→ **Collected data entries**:
▽
(* The inverse is trivially
   increasing; the content is that it is measure-preserving, i.e. that for
   every measurable B contained in E the image m(B) = F /\ minv^{-1}(B) is
   measurable with lambda(m(B)) = lambda(B).

   The key fact is that m preserves the outer measure of EVERY subset S of E.
   Cover S by intervals [a_n, b_n]; then m(S) is covered by the sets
   F /\ [inf m(E /\ [a_n,b_n]), sup m(E /\ [a_n,b_n])], which are measurable
   (intersections of F with up- and down-closed sets) and, being mapped back
   into [a_n, b_n] by monotonicity, have measure <= b_n - a_n.  Conversely
   a cover of m(S) by intervals [a_n,b_n] pulls back to a cover of S by the
   preimages of F /\ [a_n,b_n], of measure <= b_n - a_n.  Both inequalities
   follow from countable subadditivity of the outer measure.  Measurability
   of m(B) is then checked with the Caratheodory criterion relative to F. *)

From Stdlib Require Import Reals Lra Lia ClassicalEpsilon Classical
  FunctionalExtensionality PropExtensionality.
Open Scope R_scope.

Lemma set_ext (A B : R -> Prop) : (forall x, A x <-> B x) -> A = B.
Proof.
  intros H; apply functional_extensionality; intro x.
  apply propositional_extensionality; apply H.
Qed.

Definition img (m : R -> R) (S : R -> Prop) : R -> Prop :=
  fun y => exists x, S x /\ m x = y.

Lemma ele_antisym x y : ele x y -> ele y x -> x = y.
Proof. destruct x, y; simpl; intros; try tauto. f_equal; lra. Qed.

Lemma eadd_mono x y x' y' : ele x x' -> ele y y' -> ele (eadd x y) (eadd x' y').
Proof. destruct x, y, x', y'; simpl; intros; try tauto; lra. Qed.

Lemma eadd_assoc x y z : eadd x (eadd y z) = eadd (eadd x y) z.
Proof. destruct x, y, z; simpl; auto. f_equal; ring. Qed.

Lemma eadd_comm x y : eadd x y = eadd y x.
Proof. destruct x, y; simpl; auto. f_equal; ring. Qed.

Lemma lim_le u l B : Un_cv u l -> (forall n, u n <= B) -> l <= B.
Proof.
  intros Hc Hb. destruct (Rle_lt_dec l B) as [h|h]; auto.
  destruct (Hc (l - B)) as [N HN]; [lra|].
  specialize (HN N (le_n N)). specialize (Hb N). unfold Rdist in HN.
  apply Rabs_def2 in HN. lra.
Qed.

Lemma psum_growing u : (forall n, 0 <= u n) -> Un_growing (fun N => sum_f_R0 u N).
Proof. intros H n. rewrite tech5. specialize (H (S n)). lra. Qed.

Lemma series_conv u B : (forall n, 0 <= u n) -> (forall N, sum_f_R0 u N <= B) ->
  exists l, Un_cv (fun N => sum_f_R0 u N) l /\ l <= B.
Proof.
  intros H0 HB. destruct (growing_cv (fun N => sum_f_R0 u N)) as [l Hl].
  - apply psum_growing; auto.
  - exists B. intros x [i ->]. auto.
  - exists l; split; auto. eapply lim_le; eauto.
Qed.

Lemma psum_le_lim u l N : (forall n, 0 <= u n) ->
  Un_cv (fun N => sum_f_R0 u N) l -> sum_f_R0 u N <= l.
Proof.
  intros H Hc. apply (growing_ineq (fun N => sum_f_R0 u N)); auto.
  apply psum_growing; auto.
Qed.

Lemma series_eventually_zero u N0 l : (forall n, (N0 < n)%nat -> u n = 0) ->
  sum_f_R0 u N0 = l -> Un_cv (fun N => sum_f_R0 u N) l.
Proof.
  intros Hz <- eps He. exists N0. intros n Hn. unfold Rdist.
  replace (sum_f_R0 u n) with (sum_f_R0 u N0).
  - rewrite Rminus_diag, Rabs_R0; auto.
  - induction Hn as [|n Hn IH]; auto. rewrite tech5, Hz, <- IH by lia. ring.
Qed.

Lemma series_plus u v lu lv :
  Un_cv (fun N => sum_f_R0 u N) lu -> Un_cv (fun N => sum_f_R0 v N) lv ->
  Un_cv (fun N => sum_f_R0 (fun n => u n + v n) N) (lu + lv).
Proof.
  intros Hu Hv. eapply Un_cv_ext; [|apply (CV_plus _ _ _ _ Hu Hv)].
  intro N. simpl. rewrite <- plus_sum. reflexivity.
Qed.

Fixpoint sm (f : nat -> R) (N : nat) : R :=
  match N with O => 0 | S N' => sm f N' + f N' end.

Lemma sm_sum f N : sm f (S N) = sum_f_R0 f N.
Proof. induction N; simpl in *; auto. ring. rewrite <- IHN. simpl. ring. Qed.

Lemma sm_ext f h N : (forall n, (n < N)%nat -> f n = h n) -> sm f N = sm h N.
Proof.
  induction N; simpl; intros; auto.
  rewrite IHN by (intros; apply H; lia). rewrite H by lia. auto.
Qed.

Lemma sm_plus f h N : sm (fun n => f n + h n) N = sm f N + sm h N.
Proof. induction N; simpl; [ring|]. rewrite IHN; ring. Qed.

Lemma sm_le f h N : (forall n, (n < N)%nat -> f n <= h n) -> sm f N <= sm h N.
Proof.
  induction N; simpl; intros; [lra|].
  assert (f N <= h N) by (apply H; lia).
  assert (sm f N <= sm h N) by (apply IHN; intros; apply H; lia). lra.
Qed.

Lemma sm_mono f N M : (forall n, 0 <= f n) -> (N <= M)%nat -> sm f N <= sm f M.
Proof. intros H HNM. induction HNM; [lra|]. simpl. specialize (H m). lra. Qed.

(* The weights eps / 2^(n+1) used to spread an error eps over countably
   many covers sum to less than eps. *)
Lemma geom_sum eps J : sm (fun n => eps / 2 ^ (S n)) (S J) = eps - eps / 2 ^ (S J).
Proof.
  induction J.
  - simpl. field.
  - change (sm (fun n => eps / 2 ^ S n) (S (S J)))
      with (sm (fun n => eps / 2 ^ S n) (S J) + eps / 2 ^ (S (S J))).
    rewrite IHJ. simpl. field. apply pow_nonzero. lra.
Qed.

(* enum lists (0,0), (0,1), (1,0), (0,2), (1,1), (2,0), ...: the d-th
   anti-diagonal {n + k = d} is traversed from (0,d) to (d,0). *)
Fixpoint enum (i : nat) : nat * nat :=
  match i with
  | O => (O, O)
  | S i' => let (n, k) := enum i' in
            match k with O => (O, S n) | S k' => (S n, k') end
  end.

Definition along_diagonals {A : Type} (g : nat -> nat -> A) (i : nat) : A :=
  let (n, k) := enum i in g n k.

Lemma enum_surj : forall d n, (n <= d)%nat -> exists i, enum i = (n, (d - n)%nat).
Proof.
  induction d.
  - intros n Hn. exists O. replace n with O by lia. auto.
  - induction n; intros Hn.
    + destruct (IHd d (le_n d)) as [i Hi]. exists (S i). simpl. rewrite Hi.
      replace (d - d)%nat with O by lia. f_equal.
    + destruct (IHn ltac:(lia)) as [i Hi]. exists (S i). simpl. rewrite Hi.
      destruct (S d - n)%nat eqn:E; [lia|]. f_equal. lia.
Qed.

Section Diagonals.
Variable g : nat -> nat -> R.

Definition diag_sum (d : nat) : R := sm (fun n => g n (d - n)%nat) (S d).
△
→ **Activity**:
Check each line above for the string "outer" and show the ones that have it.

→ **Answer section**:
   The key fact is that m preserves the outer measure of EVERY subset S of E.
   follow from countable subadditivity of the outer measure.  Measurability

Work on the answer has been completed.